If the sum of the slopes of the normal from a point `P` to the hyperbola `x y=c^2` is equal to `lambda(lambda in R^+)` , then the locus of point `P` is `x^2=lambdac^2` (b) `y^2=lambdac^2` `x y=lambdac^2` (d) none of these

Equation of hyperbola is `xy = c^(2)`.
Differentiating w.r.t. x, we get
`(dy)/(dx)=-(y)/(x)`
Thus, slope of normal at any point on the hyperbola is `-(dx)/(dy)=(x)/(y)`.
If point on the hyperbola is (x, y)`-=` (ct, c/t), then `-(dx)/(dy)=t^(2)`.
So, equation of normal at point (ct, c/t) is
`y-(c)/(t)=t^(2)(x-ct)`
`rArr" "ct^(4)=xt^(3)+yt-c=0`
If this normal passes through the point P(h, k) on the plane, then we have
`ct^(4)-ht^(3)+kt-c=0" (1)"`
This is polynomial equation of four degree in variable t.
So, we can get maximum four real roots of the equation.
Hence, maximum four normals can be drawn from point `p(h,k)`. Now, given that sum of the slopes of normals is `lambda`.

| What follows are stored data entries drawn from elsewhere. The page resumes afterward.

(* For every finite set $S$, every $f\in C_S$ and every differential operator $D$ on $Y^S$ with complex polynomial coefficients, one has $Df\in C_S$. In other words, $C_S$ is a module over the algebra of polynomial differential operators on $Y^S$.
   Context: Fix an even positive integer $N$, let $Y=\mathbb{R}^N$ with coordinates $x^1,\dots,x^N$, and $q(x)=\sum_{i=1}^N (x^i)^2$. For a finite set $S$, $Y^S$ is the space of maps $y:S\to Y$, written $y=(y_s)_{s\in S}$ ($Y^{\emptyset}$ is a point). Distributions on $Y^S$ are continuous linear functionals on compactly supported smooth complex functions on $Y^S$ (locally integrable functions are regarded as distributions via Lebesgue measure). For distinct $s,t\in S$ put $q_{st}(y)=q(y_s-y_t)$. Let $\partial_i^{\mathrm{diag}}=\sum_{s\in S}\partial/\partial y_s^i$ ($i=1,\dots,N$) be the infinitesimal diagonal translations. A distribution $f$ on $Y^S$ is quasi-polynomial if there is $M$ such that every composition of $M$ operators from $\{\partial_1^{\mathrm{diag}},\dots,\partial_N^{\mathrm{diag}}\}$ annihilates $f$. For a partition $S=S_1\sqcup S_2$ and spaces $A,B$ of distributions on $Y^{S_1},Y^{S_2}$, $T_{S_1S_2}(A\otimes B)$ denotes the linear span of the exterior products $a\boxtimes b$ ($a\in A,b\in B$), distributions on $Y^{S_1}\times Y^{S_2}=Y^S$. The spaces $C_S$ are defined recursively: if $|S|\le 1$, $C_S$ is the space of all quasi-polynomial distributions on $Y^S$; if $|S|\ge 2$, $C_S$ is the space of quasi-polynomial distributions $f$ on $Y^S$ such that for every partition of $S$ into two nonempty subsets $S_1,S_2$ there is an integer $M\ge0$ with $\big(\prod_{s_1\in S_1,s_2\in S_2}q_{s_1s_2}\big)^M f\in T_{S_1S_2}(C_{S_1}\otimes C_{S_2})$. *)

From HB Require Import structures.
From mathcomp Require Import all_boot all_order ssralg ssrnum.
From mathcomp Require Import reals topology normedtype derive.
From mathcomp.real_closed Require Import complex.
Import Order.TTheory GRing.Theory Num.Theory.
Import numFieldNormedType.Exports.

Set Implicit Arguments.
Unset Strict Implicit.
Unset Printing Implicit Defensive.

Local Open Scope ring_scope.
Local Open Scope complex_scope.

Section Distributions.
Context (R : realType) (N : nat).

Local Notation C := (R[i]).

(** Points of Y^S = (R^N)^S : y_s^i = y s i. *)
Definition pt (S : finType) := S -> 'I_N -> R.

Definition cfun (S : finType) := pt S -> C.

Definition cabs (z : C) : R := Num.sqrt (complex.Re z ^+ 2 + complex.Im z ^+ 2).

Definition upd (S : finType) (x : pt S) (s : S) (i : 'I_N) (h : R) : pt S :=
  fun s' i' => if (s' == s) && (i' == i) then x s' i' + h else x s' i'.

Definition pdR (S : finType) (g : pt S -> R) (s : S) (i : 'I_N) (x : pt S) : R :=
  derive1 (fun h : R => g (upd x s i h)) 0.
Definition has_pdR (S : finType) (g : pt S -> R) (s : S) (i : 'I_N) (x : pt S) :=
  derivable (fun h : R => g (upd x s i h)) 0 1.

Definition pd (S : finType) (phi : cfun S) (s : S) (i : 'I_N) : cfun S :=
  fun x => pdR (fun y => @complex.Re R (phi y)) s i x +i* pdR (fun y => @complex.Im R (phi y)) s i x.
Definition has_pd (S : finType) (phi : cfun S) (s : S) (i : 'I_N) (x : pt S) :=
  has_pdR (fun y => @complex.Re R (phi y)) s i x /\ has_pdR (fun y => @complex.Im R (phi y)) s i x.

Definition pds (S : finType) (l : seq (S * 'I_N)) (phi : cfun S) : cfun S :=
  foldr (fun t g => pd g t.1 t.2) phi l.

Definition supdist (S : finType) (x y : pt S) : R :=
  \big[Num.max/0]_(s : S) \big[Num.max/0]_(i < N) `|x s i - y s i|.
Definition ccontinuous (S : finType) (g : cfun S) :=
  forall x (e : R), 0 < e ->
    exists2 d : R, 0 < d & forall y, supdist x y < d -> cabs (g y - g x) < e.

Definition smooth (S : finType) (phi : cfun S) :=
  forall l : seq (S * 'I_N),
    (forall x s i, has_pd (pds l phi) s i x) /\ ccontinuous (pds l phi).

(** phi vanishes outside the box [-K, K]^(S x N) (so its support is compact). *)
Definition supported_in (S : finType) (phi : cfun S) (K : R) :=
  forall x : pt S, (exists s i, K < `|x s i|) -> phi x = 0.

Definition is_test (S : finType) (phi : cfun S) :=
  smooth phi /\ exists K : R, supported_in phi K.

(** A distribution is a functional on test functions (values on non-test
    functions are irrelevant); it must be linear and continuous, continuity
    being expressed by the usual seminorm estimates on each compact set. *)
Definition distrfun (S : finType) := cfun S -> C.

Definition is_distr (S : finType) (T : distrfun S) :=
  [/\ (forall phi psi, is_test phi -> is_test psi ->
         T (fun x => phi x + psi x) = T phi + T psi),
      (forall (c : C) phi, is_test phi -> T (fun x => c * phi x) = c * T phi) &
      (forall K : R, exists (Cst : R) (m : nat),
         forall phi, is_test phi -> supported_in phi K ->
         forall B : R,
           (forall l : seq (S * 'I_N), (size l <= m)%N ->
               forall x, cabs (pds l phi x) <= B) ->
           cabs (T phi) <= Cst * B)].

Definition dmul (S : finType) (p : cfun S) (T : distrfun S) : distrfun S :=
  fun phi => T (fun x => p x * phi x).

Definition dderiv (S : finType) (s : S) (i : 'I_N) (T : distrfun S) : distrfun S :=
  fun phi => - T (pd phi s i).
Definition dderivs (S : finType) (l : seq (S * 'I_N)) (T : distrfun S) : distrfun S :=
  foldr (fun t U => dderiv t.1 t.2 U) T l.

Definition ddiag (S : finType) (i : 'I_N) (T : distrfun S) : distrfun S :=
  fun phi => \sum_(s : S) dderiv s i T phi.

Definition quasipoly (S : finType) (T : distrfun S) :=
  is_distr T /\
  exists M : nat, forall l : seq 'I_N, size l = M ->
    forall phi, is_test phi -> foldr (@ddiag S) T l phi = 0.

Inductive is_poly (S : finType) : cfun S -> Prop :=
  | poly_const (c : C) : is_poly (fun _ => c)
  | poly_coord (s : S) (i : 'I_N) : is_poly (fun x => (x s i)%:C)
  | poly_add (p q : cfun S) : is_poly p -> is_poly q -> is_poly (fun x => p x + q x)
  | poly_mul (p q : cfun S) : is_poly p -> is_poly q -> is_poly (fun x => p x * q x).

Definition apply_dop (S : finType) (k : nat) (p : 'I_k -> cfun S)
  (alpha : 'I_k -> seq (S * 'I_N)) (T : distrfun S) : distrfun S :=
  fun phi => \sum_(j < k) dmul (p j) (dderivs (alpha j) T) phi.

Definition sub1 (S : finType) (P : {set S}) : finType := {: {s : S | s \in P}}.
Definition sub2 (S : finType) (P : {set S}) : finType := {: {s : S | s \notin P}}.

Definition restr1 (S : finType) (P : {set S}) (x : pt S) : pt (sub1 P) :=
  fun s => x (val s).
Definition restr2 (S : finType) (P : {set S}) (x : pt S) : pt (sub2 P) :=
  fun s => x (val s).
Arguments restr1 {S} P x.
Arguments restr2 {S} P x.

Definition qst (S : finType) (x : pt S) (s t : S) : C :=
  (\sum_(i < N) (x s i - x t i) ^+ 2)%:C.
Definition Qprod (S : finType) (P : {set S}) : cfun S :=
  fun x => \prod_(s1 : sub1 P) \prod_(s2 : sub2 P) qst x (val s1) (val s2).

(** T belongs to T_{S1 S2}(A (x) B): it is a finite sum of exterior products
    a_j [x] b_j with a_j in A, b_j in B; the exterior product a [x] b is the
    (unique) distribution on Y^S1 x Y^S2 = Y^S whose value on
    phi (x) psi is a(phi) b(psi). *)
Definition in_T (S : finType) (P : {set S})
  (A : distrfun (sub1 P) -> Prop) (B : distrfun (sub2 P) -> Prop)
  (T : distrfun S) :=
  exists (k : nat) (a : 'I_k -> distrfun (sub1 P)) (b : 'I_k -> distrfun (sub2 P)),
    [/\ forall j, A (a j), forall j, B (b j) &
        forall (phi : cfun (sub1 P)) (psi : cfun (sub2 P)),
          is_test phi -> is_test psi ->
          T (fun x => phi (restr1 P x) * psi (restr2 P x))
          = \sum_(j < k) a j phi * b j psi].

(** The spaces C_S, by recursion on the cardinality of S (the fuel n is
    always >= #|S|, see CS below). *)
Fixpoint Cfuel (n : nat) (S : finType) (T : distrfun S) : Prop :=
  quasipoly T /\
  match n with
  | 0 => True
  | n'.+1 =>
      (1 < #|S|)%N ->
      forall P : {set S}, P != set0 -> P != setT ->
        exists M : nat,
          in_T (Cfuel n' (S := sub1 P)) (Cfuel n' (S := sub2 P))
               (dmul (fun x => Qprod P x ^+ M) T)
  end.

Definition CS (S : finType) (T : distrfun S) : Prop := Cfuel #|S| T.

End Distributions.

(* The algebra of polynomial differential operators is generated by the
   multiplications by the coordinates y_s^i and the partial derivatives d/dy_s^i,
   so it suffices to show, by induction on |S|, that C_S is stable under these two
   operations (and under linear combinations).  Quasi-polynomiality survives:
   derivatives commute with the diagonal translations (Schwarz), and
   ddiag_j (y_s^i T) = y_s^i (ddiag_j T) + [i = j] T raises the nilpotency order by
   one.  For a splitting S = S1 u S2, both operations act on a single tensor factor
   of Q^M f, where Q is the product of the q_{s1 s2}; a derivative does not commute
   with Q^M, but one more power of Q absorbs the commutator. *)

From HB Require Import structures.
From mathcomp Require Import all_boot all_order ssralg ssrnum.
From mathcomp Require Import reals topology normedtype derive.
From mathcomp.real_closed Require Import complex.
From mathcomp Require Import boolp functions.
From mathcomp Require Import ring interval.
Import Order.TTheory GRing.Theory Num.Theory.
Import numFieldNormedType.Exports.

Set Implicit Arguments.
Unset Strict Implicit.
Unset Printing Implicit Defensive.

Local Open Scope ring_scope.
Local Open Scope complex_scope.

Section ComplexNumbers.
Context (R : realType).
Local Notation C := (R[i]).

Lemma normc_cabs (z : C) : `|z| = (cabs z)%:C.
Proof. by rewrite normc_def. Qed.

Lemma cabs_ge0 (z : C) : 0 <= cabs z.
Proof. exact: sqrtr_ge0. Qed.

Lemma cabsD (a b : C) : cabs (a + b) <= cabs a + cabs b.
Proof. by rewrite -lecR rmorphD /= -!normc_cabs ler_normD. Qed.

Lemma cabsM (a b : C) : cabs (a * b) = cabs a * cabs b.
Proof. by apply: complexI; rewrite rmorphM /= -!normc_cabs normrM. Qed.

Lemma cabsN (a : C) : cabs (- a) = cabs a.
Proof. by apply: complexI; rewrite -!normc_cabs normrN. Qed.

Lemma cabs_real (r : R) : cabs r%:C = `|r|.
Proof. by rewrite /cabs /= expr0n /= addr0 sqrtr_sqr. Qed.

Lemma cabs0 : cabs (0 : C) = 0.
Proof. by rewrite cabs_real normr0. Qed.

Lemma cabs1 : cabs (1 : C) = 1.
Proof. by rewrite cabs_real normr1. Qed.

Lemma Re_le_cabs (z : C) : `|complex.Re z| <= cabs z.
Proof. by rewrite -sqrtr_sqr ler_wsqrtr // lerDl sqr_ge0. Qed.

Lemma Im_le_cabs (z : C) : `|complex.Im z| <= cabs z.
Proof. by rewrite -sqrtr_sqr ler_wsqrtr // lerDr sqr_ge0. Qed.

Lemma ReD (a b : C) : complex.Re (a + b) = complex.Re a + complex.Re b.
Proof. by case: a; case: b. Qed.

Lemma ImD (a b : C) : complex.Im (a + b) = complex.Im a + complex.Im b.
Proof. by case: a; case: b. Qed.

Lemma ReN (a : C) : complex.Re (- a) = - complex.Re a.
Proof. by case: a. Qed.

Lemma ImN (a : C) : complex.Im (- a) = - complex.Im a.
Proof. by case: a. Qed.

Lemma ReM (a b : C) :
  complex.Re (a * b) = complex.Re a * complex.Re b - complex.Im a * complex.Im b.
Proof. by case: a; case: b. Qed.

Lemma ImM (a b : C) :
  complex.Im (a * b) = complex.Re a * complex.Im b + complex.Im a * complex.Re b.
Proof. by case: a => ? ?; case: b => ? ? /=; ring. Qed.

Lemma complex_eq (a b : C) :
  complex.Re a = complex.Re b -> complex.Im a = complex.Im b -> a = b.
Proof. by case: a => ? ?; case: b => ? ? /= -> ->. Qed.

End ComplexNumbers.

Section Coordinates.
Context (R : realType) (N : nat).
Implicit Types (S : finType).

Lemma upd0 S (x : pt R N S) s i : upd x s i 0 = x.
Proof. by apply/funext => s'; apply/funext => i'; rewrite /upd addr0; case: ifP. Qed.

Lemma updD S (x : pt R N S) s i u h : upd (upd x s i u) s i h = upd x s i (u + h).
Proof.
apply/funext => s'; apply/funext => i'; rewrite /upd.
by case: ifP => st; rewrite st // addrA.
Qed.

Lemma updC S (x : pt R N S) s i t j u v : ~~ ((s == t) && (i == j)) ->
  upd (upd x s i u) t j v = upd (upd x t j v) s i u.
Proof.
move=> st; apply/funext => s'; apply/funext => i'; rewrite /upd.
case: (boolP ((s' == s) && (i' == i))) => [/andP[/eqP-> /eqP->]|_] //.
by rewrite (negbTE st).
Qed.

Lemma supdist_ge0 S (x y : pt R N S) : 0 <= supdist x y.
Proof. exact: bigmax_ge_id. Qed.

Lemma coord_le_supdist S (x y : pt R N S) s i : `|x s i - y s i| <= supdist x y.
Proof.
apply: le_trans (le_bigmax _ _ s).
exact: (le_bigmax _ (fun i => `|x s i - y s i|) i).
Qed.

Lemma supdist_le S (x y : pt R N S) d : 0 <= d ->
  (forall s i, `|x s i - y s i| <= d) -> supdist x y <= d.
Proof.
move=> d0 xy; apply/bigmax_leP; split => // s _.
by apply/bigmax_leP; split => // i _; exact: xy.
Qed.

Lemma supdist_triangle S (x y z : pt R N S) :
  supdist x z <= supdist x y + supdist y z.
Proof.
apply: supdist_le => [|s i]; first by rewrite addr_ge0 ?supdist_ge0.
have -> : x s i - z s i = (x s i - y s i) + (y s i - z s i) by rewrite addrA subrK.
by apply: le_trans (ler_normD _ _) _; rewrite lerD ?coord_le_supdist.
Qed.

Lemma supdist_upd S (x : pt R N S) s i h : supdist x (upd x s i h) <= `|h|.
Proof.
apply: supdist_le => // s' i'; rewrite /upd; case: ifP => _.
  by rewrite opprD addrA subrr add0r normrN.
by rewrite subrr normr0.
Qed.

Lemma supdist_upd2 S (x : pt R N S) s i t j a b :
  supdist x (upd (upd x s i a) t j b) <= `|a| + `|b|.
Proof.
apply: le_trans (supdist_triangle _ (upd x s i a) _) _.
by apply: lerD; apply: supdist_upd.
Qed.

End Coordinates.

Section PartialDerivatives.
Context (R : realType) (N : nat).
Local Notation C := (R[i]).
Implicit Types (S : finType).

Definition line_Re S (f : cfun R N S) x s i (h : R) := complex.Re (f (upd x s i h)).
Definition line_Im S (f : cfun R N S) x s i (h : R) := complex.Im (f (upd x s i h)).

Lemma has_pdE S (f : cfun R N S) s i x :
  has_pd f s i x <-> derivable (line_Re f x s i) 0 1 /\ derivable (line_Im f x s i) 0 1.
Proof. by []. Qed.
Lemma gen0E x : gen 0 x = if x == 1 then -1 else if x == -1 then 1 else x.
Proof. by []. Qed.

Lemma gen1E x : gen 1 x =
  if x == 1 then 2 else if x == 2 then 1
  else if x == -1 then -2 else if x == -2 then -1 else x.
Proof. by []. Qed.

Lemma sdom_gen0 n x : sdom n x -> sdom n (gen 0 x).
Proof. by rewrite /sdom gen0E; repeat case: ifP => [/eqP ?|_]; lia. Qed.

Lemma gen1K : involutive (gen 1).
Proof.
move=> x; rewrite [gen 1 x]gen1E; repeat case: eqP => [->|?] //.
by rewrite gen1E; repeat case: eqP.
Qed.

Lemma gen1N x : gen 1 (- x) = - gen 1 x.
Proof. by rewrite !gen1E; repeat case: eqP => ?; lia. Qed.

Lemma sdom_gen1 n x : (2 <= n)%N -> sdom n x -> sdom n (gen 1 x).
Proof. by rewrite /sdom gen1E => n_ge2; repeat case: ifP => [/eqP ?|_]; lia. Qed.

Lemma dL_gen1_comp n s : (dL n s (gen 1 \o s) <= 1)%N.
Proof. by apply: dL_le1 => i /=; rewrite gen1E; repeat case: eqP => ?; lia. Qed.

(* The hypothesis excludes exactly the pairs {1, 2} and {-1, -2}, whose order s_1 reverses. *)
Lemma gen1_lt x y : ~~ ((0 < x * y) && (absz x + absz y == 3)%N) ->
  (gen 1 x < gen 1 y) = (x < y).
Proof. by rewrite !gen1E; repeat case: eqP => ?; nia. Qed.

Definition sign_sperm (e : nat -> int) (x : int) : int := e (absz x) * x.

Lemma sign_sperm_gen0 e e' : e' 1%N = - e 1%N -> (forall k, k != 1%N -> e' k = e k) ->
  forall x, sign_sperm e x = sign_sperm e' (gen 0 x).
Proof.
move=> e'1 e'_eq x; rewrite gen0E /sign_sperm.
case: eqP => [->|x_neq1]; first by rewrite /= e'1; lia.
case: eqP => [->|x_neqN1]; first by rewrite /= e'1; lia.
by rewrite e'_eq //; lia.
Qed.

Section SignSperm.
Variable e : nat -> int.
Hypothesis e_sign : forall k, e k = 1 \/ e k = -1.

Lemma abs_sign_sperm x : absz (sign_sperm e x) = absz x.
Proof. by rewrite /sign_sperm; case: (e_sign (absz x)) => ->; lia. Qed.

Lemma sign_sperm_signed n : is_signed_perm n (sign_sperm e).
Proof.
have sdomE x : sdom n (sign_sperm e x) = sdom n x.
  by rewrite /sdom -!absz_eq0 abs_sign_sperm.
have sign_spermK : involutive (sign_sperm e).
  move=> x; rewrite {1}/sign_sperm abs_sign_sperm /sign_sperm.
  by case: (e_sign (absz x)) => ->; lia.
split=> [x|x y _ _|y dy|x _].
- by rewrite sdomE.
- by apply: inv_inj.
- by exists (sign_sperm e y); rewrite ?sdomE ?sign_spermK.
- by rewrite /sign_sperm abszN; lia.
Qed.
(* Let $\kappa$ be a regular infinite cardinal and $\mu$ a singular cardinal with $\mathrm{cf}(\mu)=\kappa$. For $X,X'\in\{{}^{\kappa}\mu,{}^{\mu}2,{}^{\mu}\kappa,{}^{\mu}\mu\}$, the spaces $(X,\mathrm{bd})$ and $(X',\mathrm{bd})$ are homeomorphic if and only if $w(X,\mathrm{bd})=w(X',\mathrm{bd})$.
   Context: For ordinals $\delta,\rho$, ${}^{\delta}\rho$ is the set of functions $\delta\to\rho$; for a partial function $s\colon\delta\rightharpoonup\rho$, $[s]=\{f\in{}^{\delta}\rho: s\subseteq f\}$. The bounded topology on ${}^{\delta}\rho$ has base $\{[s]: s\in{}^{\alpha}\rho,\ \alpha<\delta\}$; $(X,\mathrm{bd})$ denotes $X$ with this topology. $w$ denotes weight (least size of a base). *)

Set Implicit Arguments.

(* A well-ordered set (= an ordinal up to isomorphism): strict total
   well-founded order. *)
Record WO := {
  car :> Type;
  lt : car -> car -> Prop;
  lt_irrefl : forall x, ~ lt x x;
  lt_trans : forall x y z, lt x y -> lt y z -> lt x z;
  lt_total : forall x y, x = y \/ lt x y \/ lt y x;
  lt_wf : well_founded lt
}.

Definition card_le (A B : Type) : Prop :=
  exists f : A -> B, forall x y, f x = f y -> x = y.
Definition card_eq (A B : Type) : Prop :=
  exists (f : A -> B) (g : B -> A),
    (forall x, g (f x) = x) /\ (forall y, f (g y) = y).

Definition is_cardinal (K : WO) : Prop :=
  forall x : K, ~ card_eq K {y : K | lt K y x}.

Definition infinite (A : Type) : Prop :=
  exists f : nat -> A, forall m n, f m = f n -> m = n.

Definition cofinal (K : WO) (S : K -> Prop) : Prop :=
  forall x : K, exists y, S y /\ (x = y \/ lt K x y).

Definition cof_is (M K : WO) : Prop :=
  (exists S : M -> Prop, cofinal M S /\ card_eq {y : M | S y} K) /\
  (forall S : M -> Prop, cofinal M S -> card_le K {y : M | S y}).
(* For $n \geq 1$ let $P_n(x) = (x^2-x-1)x^n + 1$ and let $C_n$ be the convex hull of the set of roots $q'$ of $P_n$ with $|q'|<1$. Then for every $\varepsilon > 0$ there exists $N$ such that for all $n > N$, \[ \{z \in \mathbb{C} : |z| \leq 1-\varepsilon\} \subset C_n \subset \{z \in \mathbb{C}: |z| \leq 1\}. \] *)

From HB Require Import structures.
From mathcomp Require Import all_boot all_order all_algebra.
From mathcomp Require Import complex.
From mathcomp Require Import reals.
Set Implicit Arguments. Unset Strict Implicit. Unset Printing Implicit Defensive.
Import Order.TTheory GRing.Theory Num.Theory.
Local Open Scope ring_scope.
Local Open Scope complex_scope.

Definition Pn (R : realType) (n : nat) : {poly R[i]} :=
  ('X^2 - 'X - 1) * 'X^n + 1.

Definition small_roots (R : realType) (n : nat) (q : R[i]) : Prop :=
  root (Pn R n) q /\ `|q| < 1.

Definition convex_hull (R : realType) (S : R[i] -> Prop) (z : R[i]) : Prop :=
  exists (k : nat) (q : 'I_k -> R[i]) (w : 'I_k -> R),
    (forall i, S (q i)) /\ (forall i, 0 <= w i) /\ \sum_(i < k) w i = 1 /\
    z = \sum_(i < k) (w i)%:C * q i.

Definition Cn (R : realType) (n : nat) : R[i] -> Prop :=
  convex_hull (@small_roots R n).

Definition cdisk (R : realType) (r : R) (z : R[i]) : Prop := `|z| <= r%:C.

(* Fix 0 < th < pi, put w = e^(i th) and A = w^2 - w - 1; then |A| > 1.  Choose an
   n-th root z of -1/A with |z| <= 1 and |z - w| = O(1/n).  Since z^n A = -1 we get
   P_n(z) = z^n (z - w)(z + w - 1), which is O(|z^n| / n), while |P_n'(z)| is of order
   n |z^n|; as every point is within deg p |p/p'| of a root of p, P_n has a root q with
   |q - w| = O(1/n), and q lies in the open unit disk because |q^2 - q - 1| > 1 near w.
   Doing this for finitely many th whose cosines run from 1 - eps/2 to -(1 - eps/2) in
   steps of at most eps/8, and reflecting roots into the upper half-plane, covers the disk
   of radius 1 - eps by quadrilaterals q_k, conj q_k, q_(k+1), conj q_(k+1) whose
   vertices are roots of modulus < 1.  The other inclusion holds because C_n is the hull
   of points of modulus < 1. *)

From HB Require Import structures.
From mathcomp Require Import all_boot all_order all_algebra.
From mathcomp Require Import complex.
From mathcomp Require Import reals.
From mathcomp Require Import ring lra.
From mathcomp Require Import classical_sets topology normedtype sequences derive realfun exp trigo.
Set Implicit Arguments.
Unset Strict Implicit.
Unset Printing Implicit Defensive.
Import Order.TTheory GRing.Theory Num.Theory Normc numFieldNormedType.Exports.
Local Open Scope ring_scope.
Local Open Scope complex_scope.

i.e., `t_(1)^(2)+t_(2)^(2)+t_(3)^(2)+t_(4)^(2)=lambda`, where `t_(1),t_(2),t_(3) and t_(4)` are roots of equation (1).
`therefore" "(t_(1)+t_(2)+t_(3)+t_(4))^(2)-sumt_(1)t_(2)=0`
`rArr" "((h)/(c))^(2)-0=lambda`
[From equation (1), using sum of roots and sum of product of roots taking two at a time]
`rArr" "h^(2)=c^(2)lambda`
Therefore, required locus is `x^(2)=lambdac^(2).`